On 20.10.17 15:12, Andreas Tille wrote:
> Hi,
>
> On Fri, Oct 20, 2017 at 02:18:13PM +0200, Matus Kalas wrote:
>> This is super awesome to see Andreas & Steffen, you really made my day!
> You could make my day in turn to add more of the data we need for the
> packages not yet tagged. :-P

@Matúš, you may rest assured that any task entry that has any registry
reference also had bio.tools checked.

>> A few notes:
>>
>>  * Would you please add a dot to Bio.Tools?
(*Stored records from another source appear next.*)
(* Locked so that ring rewrite rules cannot see through the negation. *)
Definition coad x : 'M[K]_n := locked (- (ad x)^T).

Lemma coadE x : coad x = - (ad x)^T.
Proof. by rewrite /coad -lock. Qed.

Lemma coad_is_linear : linear coad.
Proof. by move=> a x y; rewrite !coadE linearP linearD linearZ /= opprD scalerN. Qed.
HB.instance Definition _ := GRing.isLinear.Build K 'rV[K]_n 'M[K]_n _ coad
  coad_is_linear.

Definition ad_tensor x T := tmap (ad x) 1 T + tmap 1 (ad x) T.

Lemma ad_tensorE x T : ad_tensor x T = (ad x)^T *m T + T *m ad x.
Proof. by rewrite /ad_tensor /tmap trmx1 mulmx1 mul1mx. Qed.

Lemma trmx_ad_tensor x T : (ad_tensor x T)^T = ad_tensor x T^T.
Proof. by rewrite !ad_tensorE linearD /= !trmx_mul trmxK addrC. Qed.

Hypothesis br_lie : is_lie_bracket br.

Lemma lbr_antisym x y : br x y = - br y x.
Proof. by case: br_lie. Qed.

Lemma adm_lbr x y : ad (br x y) = ad y *m ad x - ad x *m ad y.
Proof.
apply/row_matrixP => i; rewrite !rowE mulmxBr !mulmxA !mulmx_adm.
case: br_lie => _ _ /(_ x y (delta_mx 0 i)) /eqP; rewrite addrC addr_eq0 => /eqP.
rewrite (lbr_antisym (br x y)) => ->.
by rewrite opprK (lbr_antisym _ x) -[br y (- _)]mulmx_adm mulNmx mulmx_adm.
Qed.

Lemma dot_coad al u x : dot (al *m coad u) x = dot al (br x u).
Proof.
by rewrite dot_mulmxl coadE linearN /= trmxK mulmxN mulmx_adm -lbr_antisym.
Qed.

Lemma coad_lbr u v : coad (br u v) = coad v *m coad u - coad u *m coad v.
Proof.
by rewrite !coadE adm_lbr linearB /= !trmx_mul !(mulNmx, mulmxN, opprK) opprB.
Qed.

Lemma ad_tensor_lbr x y T :
  ad_tensor (br x y) T = ad_tensor x (ad_tensor y T) - ad_tensor y (ad_tensor x T).
Proof.
rewrite !ad_tensorE adm_lbr linearB /= !trmx_mul.
rewrite !(mulmxDl, mulmxDr, mulmxBl, mulmxBr, mulNmx, mulmxN) !mulmxA.
by apply/matrixP => i j; rewrite !mxE; ring.
Qed.

Section Coboundary.
Variable R : 'M[K]_n.
Local Notation S := (R + R^T).
Local Notation cob := (cob c R).

Lemma cobE x : cob x = (ad x)^T *m R + R *m ad x.
Proof. exact: ad_tensorE. Qed.

Lemma cob_linear : linear cob.
Proof.
move=> a x y; rewrite !cobE linearP linearP /= mulmxDl mulmxDr -scalemxAl -scalemxAr.
by rewrite scalerDr addrACA.
Qed.

Lemma cob_lbr x y : cob (br x y) = ad_tensor x (cob y) - ad_tensor y (cob x).
Proof. exact: ad_tensor_lbr. Qed.

Hypothesis S_invariant : forall x, ad_tensor x S = 0.

Lemma trmx_cob x : (cob x)^T = - cob x.
Proof.
apply/eqP; rewrite -addr_eq0 addrC -[cob x]/(ad_tensor x R) trmx_ad_tensor.
by rewrite -(S_invariant x) !ad_tensorE mulmxDr mulmxDl addrACA.
Qed.

Lemma coad_S x : coad x *m S = S *m ad x.
Proof.
have := S_invariant x; rewrite ad_tensorE => /eqP; rewrite addr_eq0 => /eqP Sx.
by rewrite coadE mulNmx Sx opprK.
Qed.

Lemma coad_S_swap al be : al *m coad (be *m S) = - (be *m coad (al *m S)).
Proof.
have trmx_S : S^T = S by rewrite linearD /= trmxK addrC.
apply: row_dotP => x; rewrite dotNl !dot_coad -mulmx_adm -mulmxA -coad_S mulmxA.
by rewrite dotC dot_mulmxl trmx_S dot_coad lbr_antisym dotC dotNl dotC.
Qed.

Definition rbr al be := al *m coad (be *m R^T) + be *m coad (al *m R).

Lemma dot_rbr al be x : dot (rbr al be) x = dot (al *m cob x) be.
Proof.
rewrite cobE mulmxDr !mulmxA !dotDl !dot_coad dot_mulmxl; congr (_ + _).
  by rewrite dot_mulmxl trmxK mulmx_adm.
by rewrite mulmx_adm dotC.
Qed.

Lemma dbr_cobE al be : dbr cob al be = rbr al be.
Proof. by apply/rowP => k; rewrite mxE -[RHS]dot_delta dot_rbr. Qed.

Lemma rbr_linearl be : linear (rbr^~ be).
Proof.
move=> a x y; rewrite /rbr !mulmxDl -!scalemxAl linearD linearZ /= mulmxDr -scalemxAr.
by rewrite scalerDr addrACA.
Qed.

Lemma rbr_linearr al : linear (rbr al).
Proof.
move=> a x y; rewrite /rbr !mulmxDl -!scalemxAl linearD linearZ /= mulmxDr -scalemxAr.
by rewrite scalerDr addrACA.
Qed.
HB.instance Definition _ al := GRing.isLinear.Build K 'rV[K]_n 'rV[K]_n _ (rbr al)
  (rbr_linearr al).

Lemma rbr_antisym al be : rbr al be = - rbr be al.
Proof.
apply/eqP; rewrite -addr_eq0 /rbr [be *m _ + _]addrC addrACA -!mulmxDr -!linearD /=.
by rewrite [R^T + R]addrC coad_S_swap addNr.
Qed.

Lemma CYB_rbr i j d :
  CYB c R i j d = (br ('e_i *m R) ('e_j *m R) - rbr 'e_i 'e_j *m R) 0 d.
Proof.
rewrite [RHS]mxE [X in _ = _ + X]mxE -[(rbr _ _ *m R) 0 d]dot_delta.
rewrite dot_mulmxl /rbr dotDl !dot_coad.
rewrite !(lbr_antisym ('e_d *m R^T)) !(dotC (delta_mx 0 _)) !dotNl !dot_delta.
rewrite opprD !opprK addrCA addrA /CYB -!rowE.
by congr (_ + _ + _); rewrite mxE; apply: eq_bigr => p _; apply: eq_bigr => s _;
  rewrite !mxE.
Qed.

Hypothesis CYB_eq0 : forall i j d, CYB c R i j d = 0.

Lemma rbr_mulmxR al be : rbr al be *m R = br (al *m R) (be *m R).
Proof.
pose defect al be := br (al *m R) (be *m R) - rbr al be *m R.
suff : defect al be = 0 by move/eqP; rewrite subr_eq0 => /eqP.
have defect_linl x : linear (defect^~ x).
  move=> a y z; rewrite /defect rbr_linearl mulmxDl (mulmxDl (a *: rbr y x)).
  by rewrite -!scalemxAl lbr_linearl opprD addrACA scalerBr.
have defect_linr x : linear (defect x).
  move=> a y z; rewrite /defect linearP /= mulmxDl (mulmxDl (a *: rbr x y)).
  by rewrite -!scalemxAl lbr_linearr opprD addrACA scalerBr.
apply: (linear_row_eq0 (defect_linl be)) => i; move: be.
apply: (linear_row_eq0 (defect_linr _)) => j.
by apply/rowP => d; rewrite -CYB_rbr CYB_eq0 mxE.
Qed.

Lemma rbr_mulmxRT al be : rbr al be *m R^T = br (be *m R^T) (al *m R^T).
Proof.
have RT : R^T = S - R by rewrite [R + _]addrC addrK.
rewrite {1}RT mulmxBr rbr_mulmxR mulmxDl -!mulmxA !coad_S !mulmxA !mulmx_adm.
rewrite -addrA -linearB /= -mulmxBr -RT (lbr_antisym (al *m R)).
by rewrite -linearB /= -mulmxBr -RT.
Qed.

Lemma rbr_rbrr al be ga : rbr al (rbr be ga) =
  al *m coad (br (ga *m R^T) (be *m R^T)) + rbr be ga *m coad (al *m R).
Proof. by rewrite {1}/rbr rbr_mulmxRT. Qed.

Lemma rbr_rbrl al be ga : rbr (rbr al be) ga =
  rbr al be *m coad (ga *m R^T) + ga *m coad (br (al *m R) (be *m R)).
Proof. by rewrite {1}/rbr rbr_mulmxR. Qed.

Lemma rbr_leibniz al be ga :
  rbr al (rbr be ga) = rbr (rbr al be) ga + rbr be (rbr al ga).
Proof.
(* Once both sides are expanded, the Leibniz defect is [- key]. *)
have key : al *m coad (ga *m R^T) *m coad (be *m S)
           + be *m coad (br (ga *m R^T) (al *m S)) = 0.
  by rewrite coad_S_swap -(mulmxA al) coad_S mulmxA mulmx_adm addNr.
apply/eqP; rewrite -subr_eq0 -oppr_eq0 -key; apply/eqP.
rewrite rbr_rbrr !rbr_rbrl rbr_rbrr /rbr !coad_lbr.
have coadS x : coad (x *m S) = coad (x *m R) + coad (x *m R^T).
  by rewrite mulmxDr linearD.
rewrite !coadS !(mulmxDr, mulmxDl, mulmxN) !mulmxA.
by apply: row_dotP => x; rewrite !(dotDl, dotNl); ring.
Qed.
Or Bio.tools, whichever you like
>> more.
> Fixed in Git - will need the next cron run to update the pages.
I think it is all lowercase bio.tools in debian/upstream/metadata.
>>  * The coloured backgrounds don't work in Firefox, but that's no problem at
>> all.
> Strange.  I'm using firefox and it works.  Pretty simple CSS ...
Also works over here with FireFox on MacOS.
>  
>>  * I really like the coloured backgrounds otherwise (yeah!), but even more
>> transparency would look much better to me.
> Just send me the html color codes you would prefer to see.
Sigh. I wished we would find a solution with fewer colours, but ... fine
for now.
>>  * The texts "Registry entries:" | "Biotools" | "RRID" | "OMICtools" are in
>> italics in some browsers and regular in others. To me, the "Registry
>> entries:" looks better in italics (to distinguish from the rest), and the
>> registry links look much better in regular (especially when with the
>> coloured backgrounds because those are rectangular).
> Nice hints.  The best will be probably if somebody would send me a patch
> for sentinel.css.

The task pages have an enormous wealth.  Would be another MoM or outreachy
project to find the most suitable layout for them.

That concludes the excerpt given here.